**MATERIAL SUPPLIED**
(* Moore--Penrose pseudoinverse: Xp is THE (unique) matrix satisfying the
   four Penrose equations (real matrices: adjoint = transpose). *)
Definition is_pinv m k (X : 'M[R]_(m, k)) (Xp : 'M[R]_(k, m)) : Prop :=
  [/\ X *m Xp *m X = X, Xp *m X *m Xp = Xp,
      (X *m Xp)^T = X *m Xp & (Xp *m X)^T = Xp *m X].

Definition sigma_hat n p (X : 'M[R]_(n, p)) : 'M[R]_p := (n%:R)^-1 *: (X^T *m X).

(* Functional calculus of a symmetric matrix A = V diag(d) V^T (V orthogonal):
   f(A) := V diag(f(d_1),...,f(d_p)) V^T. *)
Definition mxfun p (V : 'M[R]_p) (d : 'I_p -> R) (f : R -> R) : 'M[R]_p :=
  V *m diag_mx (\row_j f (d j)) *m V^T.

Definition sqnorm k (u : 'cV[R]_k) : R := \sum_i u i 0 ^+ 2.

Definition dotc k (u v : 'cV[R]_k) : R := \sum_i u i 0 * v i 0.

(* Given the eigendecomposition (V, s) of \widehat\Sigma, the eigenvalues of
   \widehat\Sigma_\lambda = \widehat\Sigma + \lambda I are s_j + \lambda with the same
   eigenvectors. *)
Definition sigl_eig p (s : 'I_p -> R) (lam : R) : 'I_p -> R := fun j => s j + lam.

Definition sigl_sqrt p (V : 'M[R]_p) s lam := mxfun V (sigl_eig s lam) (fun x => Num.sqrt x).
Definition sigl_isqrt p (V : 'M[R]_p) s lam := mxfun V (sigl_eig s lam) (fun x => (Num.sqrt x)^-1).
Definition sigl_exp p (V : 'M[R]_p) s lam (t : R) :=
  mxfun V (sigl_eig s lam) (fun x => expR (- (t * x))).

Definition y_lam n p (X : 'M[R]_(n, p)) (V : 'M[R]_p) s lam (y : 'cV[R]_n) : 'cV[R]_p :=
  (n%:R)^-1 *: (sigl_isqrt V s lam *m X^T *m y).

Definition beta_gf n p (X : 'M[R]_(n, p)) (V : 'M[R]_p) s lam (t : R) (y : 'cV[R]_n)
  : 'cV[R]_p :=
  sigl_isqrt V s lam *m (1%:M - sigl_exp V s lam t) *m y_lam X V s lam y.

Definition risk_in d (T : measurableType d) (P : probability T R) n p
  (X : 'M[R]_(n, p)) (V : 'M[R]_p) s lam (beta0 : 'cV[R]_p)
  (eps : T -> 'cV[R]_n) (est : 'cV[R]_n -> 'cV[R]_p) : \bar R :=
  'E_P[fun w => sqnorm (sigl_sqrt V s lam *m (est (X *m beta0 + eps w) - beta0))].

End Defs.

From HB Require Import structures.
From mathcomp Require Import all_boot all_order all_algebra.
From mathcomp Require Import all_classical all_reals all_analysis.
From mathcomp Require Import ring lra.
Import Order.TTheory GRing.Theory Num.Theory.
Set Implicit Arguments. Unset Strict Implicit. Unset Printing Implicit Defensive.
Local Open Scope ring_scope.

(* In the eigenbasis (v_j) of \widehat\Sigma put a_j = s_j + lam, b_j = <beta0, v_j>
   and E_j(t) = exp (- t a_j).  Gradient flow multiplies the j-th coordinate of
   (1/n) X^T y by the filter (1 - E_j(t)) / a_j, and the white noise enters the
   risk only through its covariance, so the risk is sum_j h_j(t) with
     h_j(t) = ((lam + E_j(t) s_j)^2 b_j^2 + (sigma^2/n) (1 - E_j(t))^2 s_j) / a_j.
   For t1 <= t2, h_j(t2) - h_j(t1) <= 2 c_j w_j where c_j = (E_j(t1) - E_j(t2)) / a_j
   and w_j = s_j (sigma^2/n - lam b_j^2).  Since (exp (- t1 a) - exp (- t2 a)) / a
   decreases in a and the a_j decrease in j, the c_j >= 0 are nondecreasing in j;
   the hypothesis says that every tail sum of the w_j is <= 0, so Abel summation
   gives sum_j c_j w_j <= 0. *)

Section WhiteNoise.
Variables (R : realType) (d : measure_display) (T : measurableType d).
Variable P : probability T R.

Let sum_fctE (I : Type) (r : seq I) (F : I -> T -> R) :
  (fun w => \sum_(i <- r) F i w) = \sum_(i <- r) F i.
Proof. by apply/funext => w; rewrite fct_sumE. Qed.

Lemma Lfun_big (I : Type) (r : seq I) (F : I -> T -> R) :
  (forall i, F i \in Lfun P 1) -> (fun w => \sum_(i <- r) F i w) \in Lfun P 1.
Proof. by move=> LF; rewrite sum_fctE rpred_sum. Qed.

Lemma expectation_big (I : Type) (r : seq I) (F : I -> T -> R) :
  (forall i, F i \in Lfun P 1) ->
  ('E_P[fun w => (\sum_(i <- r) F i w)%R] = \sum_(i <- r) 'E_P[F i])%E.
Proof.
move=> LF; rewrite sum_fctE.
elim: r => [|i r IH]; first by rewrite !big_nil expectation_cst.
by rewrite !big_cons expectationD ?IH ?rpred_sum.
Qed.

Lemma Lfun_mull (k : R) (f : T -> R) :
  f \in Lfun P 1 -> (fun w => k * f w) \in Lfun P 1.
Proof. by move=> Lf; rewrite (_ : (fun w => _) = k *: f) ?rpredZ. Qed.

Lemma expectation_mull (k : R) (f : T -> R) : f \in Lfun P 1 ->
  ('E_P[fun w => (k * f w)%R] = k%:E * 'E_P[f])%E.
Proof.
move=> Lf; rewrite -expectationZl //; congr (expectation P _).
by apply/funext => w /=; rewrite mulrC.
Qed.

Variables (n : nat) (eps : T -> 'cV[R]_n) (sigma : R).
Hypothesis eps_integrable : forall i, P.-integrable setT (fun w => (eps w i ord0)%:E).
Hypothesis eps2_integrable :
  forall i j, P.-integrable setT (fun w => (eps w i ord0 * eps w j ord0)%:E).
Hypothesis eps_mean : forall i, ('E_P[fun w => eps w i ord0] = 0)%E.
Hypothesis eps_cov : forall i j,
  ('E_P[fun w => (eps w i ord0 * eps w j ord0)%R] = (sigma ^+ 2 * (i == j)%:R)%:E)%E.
* * *
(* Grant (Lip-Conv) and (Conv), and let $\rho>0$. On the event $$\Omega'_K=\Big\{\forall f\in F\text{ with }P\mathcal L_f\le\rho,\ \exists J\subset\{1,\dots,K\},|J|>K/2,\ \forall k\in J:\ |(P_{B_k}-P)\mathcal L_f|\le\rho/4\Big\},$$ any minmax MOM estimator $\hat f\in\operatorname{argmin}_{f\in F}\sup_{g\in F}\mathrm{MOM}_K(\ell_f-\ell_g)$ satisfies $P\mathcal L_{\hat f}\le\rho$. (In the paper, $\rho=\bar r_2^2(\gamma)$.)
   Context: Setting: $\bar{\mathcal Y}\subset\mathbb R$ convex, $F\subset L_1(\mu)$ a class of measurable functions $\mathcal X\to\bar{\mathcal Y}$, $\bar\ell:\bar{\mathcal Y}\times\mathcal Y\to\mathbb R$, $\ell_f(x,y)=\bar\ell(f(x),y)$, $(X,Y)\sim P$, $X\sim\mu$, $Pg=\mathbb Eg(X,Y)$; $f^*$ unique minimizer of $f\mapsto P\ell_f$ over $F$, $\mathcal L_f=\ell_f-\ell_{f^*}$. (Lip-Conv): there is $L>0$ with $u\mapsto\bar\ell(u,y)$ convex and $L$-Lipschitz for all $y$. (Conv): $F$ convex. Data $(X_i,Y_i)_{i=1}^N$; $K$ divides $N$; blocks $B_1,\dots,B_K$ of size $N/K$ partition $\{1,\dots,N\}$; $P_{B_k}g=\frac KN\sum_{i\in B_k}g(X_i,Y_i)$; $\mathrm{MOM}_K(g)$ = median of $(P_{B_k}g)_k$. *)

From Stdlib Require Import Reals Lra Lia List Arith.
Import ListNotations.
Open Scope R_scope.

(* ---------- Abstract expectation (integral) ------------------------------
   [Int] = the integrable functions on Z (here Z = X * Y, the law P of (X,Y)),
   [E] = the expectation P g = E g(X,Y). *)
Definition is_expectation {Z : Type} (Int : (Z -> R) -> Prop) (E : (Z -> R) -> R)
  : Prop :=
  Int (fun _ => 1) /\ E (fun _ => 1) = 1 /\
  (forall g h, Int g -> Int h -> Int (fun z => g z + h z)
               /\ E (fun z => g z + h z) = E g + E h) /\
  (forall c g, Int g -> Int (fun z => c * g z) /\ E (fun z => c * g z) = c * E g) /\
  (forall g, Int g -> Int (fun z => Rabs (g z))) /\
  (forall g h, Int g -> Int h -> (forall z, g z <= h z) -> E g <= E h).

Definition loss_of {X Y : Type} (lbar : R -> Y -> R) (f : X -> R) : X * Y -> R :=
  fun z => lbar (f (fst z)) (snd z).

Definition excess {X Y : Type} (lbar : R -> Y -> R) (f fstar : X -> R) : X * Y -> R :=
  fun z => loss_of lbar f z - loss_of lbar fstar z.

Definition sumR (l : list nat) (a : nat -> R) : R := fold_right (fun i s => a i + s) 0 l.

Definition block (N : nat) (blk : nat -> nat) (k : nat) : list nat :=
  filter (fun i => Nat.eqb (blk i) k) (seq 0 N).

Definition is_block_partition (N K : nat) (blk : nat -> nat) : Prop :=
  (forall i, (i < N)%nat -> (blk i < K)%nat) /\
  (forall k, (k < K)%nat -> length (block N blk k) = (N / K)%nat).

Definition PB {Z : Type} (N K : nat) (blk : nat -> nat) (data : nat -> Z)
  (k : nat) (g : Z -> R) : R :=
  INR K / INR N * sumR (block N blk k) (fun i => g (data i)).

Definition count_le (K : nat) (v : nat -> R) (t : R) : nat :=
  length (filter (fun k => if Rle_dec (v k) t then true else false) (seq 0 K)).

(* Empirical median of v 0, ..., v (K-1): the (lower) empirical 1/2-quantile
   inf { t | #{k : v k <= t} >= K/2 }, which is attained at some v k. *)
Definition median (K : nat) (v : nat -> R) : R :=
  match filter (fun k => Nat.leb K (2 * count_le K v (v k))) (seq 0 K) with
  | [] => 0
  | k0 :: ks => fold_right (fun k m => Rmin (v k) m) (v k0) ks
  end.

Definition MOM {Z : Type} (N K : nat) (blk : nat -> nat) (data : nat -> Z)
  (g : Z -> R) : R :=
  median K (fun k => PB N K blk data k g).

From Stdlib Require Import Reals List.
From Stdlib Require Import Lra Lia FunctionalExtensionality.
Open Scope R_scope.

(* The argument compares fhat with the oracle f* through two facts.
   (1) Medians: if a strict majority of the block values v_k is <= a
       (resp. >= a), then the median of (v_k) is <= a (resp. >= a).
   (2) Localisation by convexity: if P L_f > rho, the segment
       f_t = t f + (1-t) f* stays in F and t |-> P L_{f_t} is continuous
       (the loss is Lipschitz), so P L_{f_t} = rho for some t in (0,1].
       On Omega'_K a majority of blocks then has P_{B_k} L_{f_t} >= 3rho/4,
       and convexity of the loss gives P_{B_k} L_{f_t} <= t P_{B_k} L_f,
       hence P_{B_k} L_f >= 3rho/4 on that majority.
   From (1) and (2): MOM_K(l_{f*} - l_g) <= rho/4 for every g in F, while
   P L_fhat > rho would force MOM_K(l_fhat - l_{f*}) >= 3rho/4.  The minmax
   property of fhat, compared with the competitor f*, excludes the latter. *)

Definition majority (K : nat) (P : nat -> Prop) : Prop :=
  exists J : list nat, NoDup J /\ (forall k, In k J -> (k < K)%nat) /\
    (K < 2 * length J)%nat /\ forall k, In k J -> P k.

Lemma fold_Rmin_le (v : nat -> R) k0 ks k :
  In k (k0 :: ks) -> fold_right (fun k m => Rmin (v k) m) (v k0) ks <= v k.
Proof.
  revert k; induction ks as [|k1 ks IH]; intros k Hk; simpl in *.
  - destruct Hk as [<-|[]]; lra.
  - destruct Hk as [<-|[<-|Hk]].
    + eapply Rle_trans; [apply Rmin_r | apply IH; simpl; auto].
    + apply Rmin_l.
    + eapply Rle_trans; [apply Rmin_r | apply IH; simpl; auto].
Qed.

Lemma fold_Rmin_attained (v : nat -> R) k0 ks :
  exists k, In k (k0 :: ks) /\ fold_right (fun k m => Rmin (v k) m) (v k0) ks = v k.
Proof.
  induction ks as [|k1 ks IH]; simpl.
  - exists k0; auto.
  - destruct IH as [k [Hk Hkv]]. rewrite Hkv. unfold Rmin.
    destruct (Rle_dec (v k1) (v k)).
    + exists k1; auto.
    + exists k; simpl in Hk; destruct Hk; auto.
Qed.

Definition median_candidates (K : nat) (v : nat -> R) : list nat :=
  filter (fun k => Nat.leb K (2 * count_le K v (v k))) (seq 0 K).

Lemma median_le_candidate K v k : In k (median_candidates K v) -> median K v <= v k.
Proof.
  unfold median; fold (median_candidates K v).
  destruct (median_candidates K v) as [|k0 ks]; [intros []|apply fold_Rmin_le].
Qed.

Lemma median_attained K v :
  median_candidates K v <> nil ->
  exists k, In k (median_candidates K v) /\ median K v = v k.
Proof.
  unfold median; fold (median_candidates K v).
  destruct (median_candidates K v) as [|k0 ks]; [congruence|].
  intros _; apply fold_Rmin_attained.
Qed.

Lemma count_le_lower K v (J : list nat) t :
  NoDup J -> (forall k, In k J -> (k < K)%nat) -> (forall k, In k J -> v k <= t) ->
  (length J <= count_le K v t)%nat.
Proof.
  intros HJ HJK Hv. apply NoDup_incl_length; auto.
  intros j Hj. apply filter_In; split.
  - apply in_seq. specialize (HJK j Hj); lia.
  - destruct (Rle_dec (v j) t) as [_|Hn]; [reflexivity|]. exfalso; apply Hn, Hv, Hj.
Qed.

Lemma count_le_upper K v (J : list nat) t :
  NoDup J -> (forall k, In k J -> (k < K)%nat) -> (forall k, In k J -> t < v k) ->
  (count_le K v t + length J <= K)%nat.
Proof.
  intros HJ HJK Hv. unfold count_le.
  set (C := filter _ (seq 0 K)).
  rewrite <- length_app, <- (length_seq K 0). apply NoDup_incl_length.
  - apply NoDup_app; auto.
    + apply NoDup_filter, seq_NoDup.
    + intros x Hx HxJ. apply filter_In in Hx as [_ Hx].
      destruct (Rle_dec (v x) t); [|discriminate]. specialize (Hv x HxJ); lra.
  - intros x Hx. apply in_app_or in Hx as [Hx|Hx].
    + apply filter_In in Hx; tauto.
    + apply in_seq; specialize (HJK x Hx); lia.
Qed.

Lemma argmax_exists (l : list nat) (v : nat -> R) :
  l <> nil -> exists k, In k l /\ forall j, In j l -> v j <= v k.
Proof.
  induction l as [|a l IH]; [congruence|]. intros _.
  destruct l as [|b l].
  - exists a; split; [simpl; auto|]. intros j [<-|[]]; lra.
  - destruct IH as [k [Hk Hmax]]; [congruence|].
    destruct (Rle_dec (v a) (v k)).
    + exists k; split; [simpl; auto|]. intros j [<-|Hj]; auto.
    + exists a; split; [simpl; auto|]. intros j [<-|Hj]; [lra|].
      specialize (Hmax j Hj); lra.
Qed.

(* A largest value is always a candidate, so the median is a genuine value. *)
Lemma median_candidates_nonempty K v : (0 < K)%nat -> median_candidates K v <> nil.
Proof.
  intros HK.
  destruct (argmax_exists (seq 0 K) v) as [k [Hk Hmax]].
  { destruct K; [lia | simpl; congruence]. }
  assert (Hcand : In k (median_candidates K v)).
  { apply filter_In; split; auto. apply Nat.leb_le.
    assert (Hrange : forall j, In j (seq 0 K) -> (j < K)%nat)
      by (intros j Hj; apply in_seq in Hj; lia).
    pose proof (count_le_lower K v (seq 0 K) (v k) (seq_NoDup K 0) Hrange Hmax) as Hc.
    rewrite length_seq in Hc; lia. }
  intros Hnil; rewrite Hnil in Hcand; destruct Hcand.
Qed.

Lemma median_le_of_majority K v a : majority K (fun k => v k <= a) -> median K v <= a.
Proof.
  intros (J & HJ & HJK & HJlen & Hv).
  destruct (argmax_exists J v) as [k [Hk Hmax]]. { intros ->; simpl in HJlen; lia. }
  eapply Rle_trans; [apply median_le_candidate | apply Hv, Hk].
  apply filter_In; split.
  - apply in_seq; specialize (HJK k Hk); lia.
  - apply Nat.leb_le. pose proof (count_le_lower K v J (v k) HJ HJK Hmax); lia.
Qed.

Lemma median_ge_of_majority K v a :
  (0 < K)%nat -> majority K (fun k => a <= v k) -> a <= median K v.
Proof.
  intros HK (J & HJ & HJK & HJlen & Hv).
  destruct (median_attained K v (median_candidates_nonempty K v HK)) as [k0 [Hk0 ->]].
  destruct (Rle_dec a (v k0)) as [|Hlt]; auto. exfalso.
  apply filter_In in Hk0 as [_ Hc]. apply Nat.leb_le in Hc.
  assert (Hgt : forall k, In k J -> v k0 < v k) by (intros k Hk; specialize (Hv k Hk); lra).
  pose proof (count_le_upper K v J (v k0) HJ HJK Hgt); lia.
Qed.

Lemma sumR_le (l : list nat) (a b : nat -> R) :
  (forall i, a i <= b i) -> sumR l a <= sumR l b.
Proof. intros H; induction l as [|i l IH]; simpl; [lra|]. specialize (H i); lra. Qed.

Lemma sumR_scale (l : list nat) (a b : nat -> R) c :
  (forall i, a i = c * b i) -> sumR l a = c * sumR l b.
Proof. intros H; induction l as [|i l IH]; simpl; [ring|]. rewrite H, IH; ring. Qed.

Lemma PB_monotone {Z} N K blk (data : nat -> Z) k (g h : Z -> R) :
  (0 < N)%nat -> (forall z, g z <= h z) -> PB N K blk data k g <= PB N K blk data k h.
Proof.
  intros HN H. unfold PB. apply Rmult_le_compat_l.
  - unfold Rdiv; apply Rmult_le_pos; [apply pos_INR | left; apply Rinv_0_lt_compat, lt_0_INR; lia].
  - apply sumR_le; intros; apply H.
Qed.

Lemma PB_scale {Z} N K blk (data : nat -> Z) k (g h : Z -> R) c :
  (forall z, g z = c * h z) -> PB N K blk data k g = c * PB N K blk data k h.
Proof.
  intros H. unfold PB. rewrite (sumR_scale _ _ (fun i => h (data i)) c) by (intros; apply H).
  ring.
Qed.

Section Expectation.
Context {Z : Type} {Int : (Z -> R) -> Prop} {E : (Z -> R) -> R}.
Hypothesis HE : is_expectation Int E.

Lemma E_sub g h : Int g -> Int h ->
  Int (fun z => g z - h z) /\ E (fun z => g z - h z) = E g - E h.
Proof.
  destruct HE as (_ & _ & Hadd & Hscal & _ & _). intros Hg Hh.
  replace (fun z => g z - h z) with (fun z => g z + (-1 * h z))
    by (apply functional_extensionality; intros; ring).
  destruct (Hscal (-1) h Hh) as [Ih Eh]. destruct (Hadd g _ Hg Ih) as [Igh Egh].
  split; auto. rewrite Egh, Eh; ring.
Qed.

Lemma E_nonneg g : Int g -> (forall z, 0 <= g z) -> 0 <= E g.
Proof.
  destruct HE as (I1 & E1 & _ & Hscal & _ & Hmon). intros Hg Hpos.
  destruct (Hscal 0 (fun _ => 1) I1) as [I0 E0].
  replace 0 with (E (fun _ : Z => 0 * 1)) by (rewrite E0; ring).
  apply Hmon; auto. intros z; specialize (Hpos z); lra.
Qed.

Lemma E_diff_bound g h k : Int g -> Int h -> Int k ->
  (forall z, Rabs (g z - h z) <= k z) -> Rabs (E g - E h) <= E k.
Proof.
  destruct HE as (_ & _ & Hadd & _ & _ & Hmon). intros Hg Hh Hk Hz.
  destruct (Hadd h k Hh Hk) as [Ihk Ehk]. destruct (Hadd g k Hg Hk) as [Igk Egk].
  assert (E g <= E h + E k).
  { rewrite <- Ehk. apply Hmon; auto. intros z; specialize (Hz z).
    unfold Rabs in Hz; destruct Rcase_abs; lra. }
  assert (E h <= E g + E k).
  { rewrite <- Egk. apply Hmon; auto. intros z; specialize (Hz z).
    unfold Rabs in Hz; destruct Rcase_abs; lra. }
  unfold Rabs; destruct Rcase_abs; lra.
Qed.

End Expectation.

**TASK DIRECTIONS**
Copy exactly the stretch of data above from the line with "(* Moore--Penrose pseudoinverse: Xp" through the line with "Import Order.TTheory GRing.Theory Num.Theory.", and omit all other lines.

**RESPONSE**
(* Moore--Penrose pseudoinverse: Xp is THE (unique) matrix satisfying the
   four Penrose equations (real matrices: adjoint = transpose). *)
Definition is_pinv m k (X : 'M[R]_(m, k)) (Xp : 'M[R]_(k, m)) : Prop :=
  [/\ X *m Xp *m X = X, Xp *m X *m Xp = Xp,
      (X *m Xp)^T = X *m Xp & (Xp *m X)^T = Xp *m X].

Definition sigma_hat n p (X : 'M[R]_(n, p)) : 'M[R]_p := (n%:R)^-1 *: (X^T *m X).

(* Functional calculus of a symmetric matrix A = V diag(d) V^T (V orthogonal):
   f(A) := V diag(f(d_1),...,f(d_p)) V^T. *)
Definition mxfun p (V : 'M[R]_p) (d : 'I_p -> R) (f : R -> R) : 'M[R]_p :=
  V *m diag_mx (\row_j f (d j)) *m V^T.

Definition sqnorm k (u : 'cV[R]_k) : R := \sum_i u i 0 ^+ 2.

Definition dotc k (u v : 'cV[R]_k) : R := \sum_i u i 0 * v i 0.

(* Given the eigendecomposition (V, s) of \widehat\Sigma, the eigenvalues of
   \widehat\Sigma_\lambda = \widehat\Sigma + \lambda I are s_j + \lambda with the same
   eigenvectors. *)
Definition sigl_eig p (s : 'I_p -> R) (lam : R) : 'I_p -> R := fun j => s j + lam.

Definition sigl_sqrt p (V : 'M[R]_p) s lam := mxfun V (sigl_eig s lam) (fun x => Num.sqrt x).
Definition sigl_isqrt p (V : 'M[R]_p) s lam := mxfun V (sigl_eig s lam) (fun x => (Num.sqrt x)^-1).
Definition sigl_exp p (V : 'M[R]_p) s lam (t : R) :=
  mxfun V (sigl_eig s lam) (fun x => expR (- (t * x))).

Definition y_lam n p (X : 'M[R]_(n, p)) (V : 'M[R]_p) s lam (y : 'cV[R]_n) : 'cV[R]_p :=
  (n%:R)^-1 *: (sigl_isqrt V s lam *m X^T *m y).

Definition beta_gf n p (X : 'M[R]_(n, p)) (V : 'M[R]_p) s lam (t : R) (y : 'cV[R]_n)
  : 'cV[R]_p :=
  sigl_isqrt V s lam *m (1%:M - sigl_exp V s lam t) *m y_lam X V s lam y.

Definition risk_in d (T : measurableType d) (P : probability T R) n p
  (X : 'M[R]_(n, p)) (V : 'M[R]_p) s lam (beta0 : 'cV[R]_p)
  (eps : T -> 'cV[R]_n) (est : 'cV[R]_n -> 'cV[R]_p) : \bar R :=
  'E_P[fun w => sqnorm (sigl_sqrt V s lam *m (est (X *m beta0 + eps w) - beta0))].

End Defs.

From HB Require Import structures.
From mathcomp Require Import all_boot all_order all_algebra.
From mathcomp Require Import all_classical all_reals all_analysis.
From mathcomp Require Import ring lra.
Import Order.TTheory GRing.Theory Num.Theory.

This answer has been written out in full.